AI-assisted Sensing & Control for Gravitational Wave Observatories

Gravitational wave detectors like Advanced LIGO have detected hundreds of astrophysical black hole merger events. Pushing the sensitivity of these instruments to capture fainter signals from the earlier universe crucially depends on how well we can improve the sensing and control aspects of these interferometric devices. GW observatories often strive to find the proper balance between maintaining a stable operating point, a critical factor in ensuring optimal sensitivity for extended periods, and continuously upgrading various subsystems that will help expand their astrophysical reach. There is a trade-off between observation time and time allocated for upgrades.
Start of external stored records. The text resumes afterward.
(* Assume $\nu>1/2$ and let $b,\theta>0$ be fixed. For any continuous function $F:\mathbb R\to[0,\infty)$ with $0<\int_{-\infty}^\infty F(x)\,dx<\infty$, as $\delta\to0$, $$\int_{-\pi}^{\pi}a^\delta_{b,\theta}(\lambda)\,F\!\Big(\frac{\lambda}{\delta\theta}\Big)d\lambda\sim\delta\theta\int_{-\infty}^{\infty}F(x)\,dx,\qquad \int_{-\pi}^{\pi}\big[a^\delta_{b,\theta}(\lambda)\big]^2F\!\Big(\frac{\lambda}{\delta\theta}\Big)d\lambda\sim\delta\theta\int_{-\infty}^{\infty}F(x)\,dx.$$
   Context: For $\alpha>0$, $\omega\in\mathbb R$ let $g^*_{\nu,\alpha}(\omega)=C_\nu\alpha^{2\nu}(\alpha^2+\omega^2)^{-(\nu+1/2)}$ with $C_\nu=\Gamma(\nu+\frac12)/(\sqrt\pi\,\Gamma(\nu))$. For $\delta,\theta>0$ and $\lambda\in[-\pi,\pi]$ let $g^\delta_{\nu,\theta}(\lambda)=\sum_{k\in\mathbb Z}g^*_{\nu,\delta\theta}(\lambda+2k\pi)$, and for $b>0$, $a^\delta_{b,\theta}=\dfrac{b\,g^\delta_{\nu,\theta}}{b\,g^\delta_{\nu,\theta}+(2\pi)^{-1}}$. ''$\sim$'' means the ratio tends to $1$. *)

From Stdlib Require Import Reals Lra ClassicalEpsilon.
Open Scope R_scope.

Definition RInt_is (f : R -> R) (a b v : R) : Prop :=
  exists pr : Riemann_integrable f a b, RiemannInt pr = v.

Definition RInt (f : R -> R) (a b : R) : R :=
  epsilon (inhabits 0) (fun v => RInt_is f a b v).

Definition improper_0_inf (f : R -> R) (l : R) : Prop :=
  forall eps, 0 < eps -> exists m, 0 < m /\ exists M,
    forall a b, 0 < a -> a < m -> M < b ->
      exists v, RInt_is f a b v /\ Rabs (v - l) < eps.

Definition improper_R (f : R -> R) (l : R) : Prop :=
  forall eps, 0 < eps -> exists M,
    forall a b, a < - M -> M < b ->
      exists v, RInt_is f a b v /\ Rabs (v - l) < eps.

Definition Gamma (x : R) : R :=
  epsilon (inhabits 0)
    (fun l => improper_0_inf (fun t => Rpower t (x - 1) * exp (- t)) l).

Definition zsum (f : Z -> R) : R :=
  epsilon (inhabits 0)
    (fun l => infinite_sum (fun n => f (Z.of_nat n) + f (- (Z.of_nat n + 1))%Z) l).

Definition C_nu (nu : R) : R := Gamma (nu + 1/2) / (sqrt PI * Gamma nu).

Definition gstar (nu alpha omega : R) : R :=
  C_nu nu * Rpower alpha (2 * nu) * Rpower (alpha ^ 2 + omega ^ 2) (- (nu + 1/2)).

Definition gdelta (nu delta theta lambda : R) : R :=
  zsum (fun k => gstar nu (delta * theta) (lambda + 2 * IZR k * PI)).

Definition adelta (nu b delta theta lambda : R) : R :=
  b * gdelta nu delta theta lambda / (b * gdelta nu delta theta lambda + / (2 * PI)).

Definition equiv0 (u v : R -> R) : Prop :=
  forall eps, 0 < eps -> exists eta, 0 < eta /\
    forall delta, 0 < delta -> delta < eta -> Rabs (u delta / v delta - 1) < eps.

From Stdlib Require Import Reals Lra Lia ClassicalEpsilon FunctionalExtensionality Classical.
Open Scope R_scope.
The inherent complexities associated with the cross-coupled nature of these opto-mechanical experiments and the non-stationary nature of the ambient environment often make these tasks daunting. In this talk, I will discuss the potential of using deep neural systems for improved sensing and control at these observatories. Leveraging physics-informed deep reinforcement learning and model-based design can help improve learning efficiency while adhering to safety constraints, which is critical for real-world systems. I will discuss the potential of embedded machine learning for low-latency decision-making and highlight recent successes in deploying deep reinforcement learning-based systems in large-scale physics experiments. Finally, I will mention the challenges encountered while deploying neural systems in complex optical systems and why tackling these issues and building intelligent systems with adaptive capabilities will be crucial for next-generation GW detectors like Cosmic Explorer and the Einstein Telescope.